Lemma ln_profile_le_potential s : 0 <= s -> ln (g1 s) - ln (g1 0) <= potential s.
Proof.
  intros Hs. destruct (Rle_lt_or_eq_dec 0 s Hs) as [Hpos | <-];
    [| rewrite potential0; lra].
  set (dh := fun y => Derive g1 y / g1 y - inv_warp y).
  destruct (MVT_cor2 (fun y => ln (g1 y) - potential y) dh 0 s Hpos) as [c [Hmvt Hc]].
  - intros y Hy. apply is_derive_Reals.
    destruct (profile_ex_derive y ltac:(lra)) as [D1 _]. destruct (profile_pos y ltac:(lra)) as [P1 _].
    apply (is_derive_minus (fun y => ln (g1 y))); [| apply potential_derive].
    exact (is_derive_comp ln g1 y _ _ (is_derive_ln (g1 y) P1) (Derive_correct _ _ D1)).
  - assert (Hdh : dh c <= 0).
    { unfold dh. rewrite inv_warp_eq by lra. destruct (profile_pos c ltac:(lra)).
      unfold Rdiv. apply Rle_minus, Rmult_le_compat_r;
        [left; now apply Rinv_0_lt_compat | apply Derive_profile1_le; lra]. }
    rewrite potential0 in Hmvt. nra.
Qed.

Lemma potential_unbounded :
  (forall M, exists s, 0 <= s /\ M < g1 s) -> forall L, exists s, 0 <= s /\ L < potential s.
Proof.
  intros Hunb L. destruct (profile_pos 0 (Rle_refl 0)) as [H10 _].
  destruct (Hunb (g1 0 * exp L)) as [s [Hs Hlt]]. exists s. split; [exact Hs|].
  assert (Hl : ln (g1 0 * exp L) < ln (g1 s)).
  { apply ln_increasing; [apply Rmult_lt_0_compat; [lra | apply exp_pos] | exact Hlt]. }
  rewrite ln_mult, ln_exp in Hl by (try apply exp_pos; lra).
  pose proof (ln_profile_le_potential s Hs). lra.
Qed.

Task item – In the records above, locate the line that contains "intros Hs. destruct". Repeat it and every line after it, exactly, and nothing else.

Task solution –
  intros Hs. destruct (Rle_lt_or_eq_dec 0 s Hs) as [Hpos | <-];
    [| rewrite potential0; lra].
  set (dh := fun y => Derive g1 y / g1 y - inv_warp y).
  destruct (MVT_cor2 (fun y => ln (g1 y) - potential y) dh 0 s Hpos) as [c [Hmvt Hc]].
  - intros y Hy. apply is_derive_Reals.
    destruct (profile_ex_derive y ltac:(lra)) as [D1 _]. destruct (profile_pos y ltac:(lra)) as [P1 _].
    apply (is_derive_minus (fun y => ln (g1 y))); [| apply potential_derive].
    exact (is_derive_comp ln g1 y _ _ (is_derive_ln (g1 y) P1) (Derive_correct _ _ D1)).
  - assert (Hdh : dh c <= 0).
    { unfold dh. rewrite inv_warp_eq by lra. destruct (profile_pos c ltac:(lra)).
      unfold Rdiv. apply Rle_minus, Rmult_le_compat_r;
        [left; now apply Rinv_0_lt_compat | apply Derive_profile1_le; lra]. }
    rewrite potential0 in Hmvt. nra.
Qed.

Lemma potential_unbounded :
  (forall M, exists s, 0 <= s /\ M < g1 s) -> forall L, exists s, 0 <= s /\ L < potential s.
Proof.
  intros Hunb L. destruct (profile_pos 0 (Rle_refl 0)) as [H10 _].
  destruct (Hunb (g1 0 * exp L)) as [s [Hs Hlt]]. exists s. split; [exact Hs|].
  assert (Hl : ln (g1 0 * exp L) < ln (g1 s)).
  { apply ln_increasing; [apply Rmult_lt_0_compat; [lra | apply exp_pos] | exact Hlt]. }
  rewrite ln_mult, ln_exp in Hl by (try apply exp_pos; lra).
  pose proof (ln_profile_le_potential s Hs). lra.
Qed.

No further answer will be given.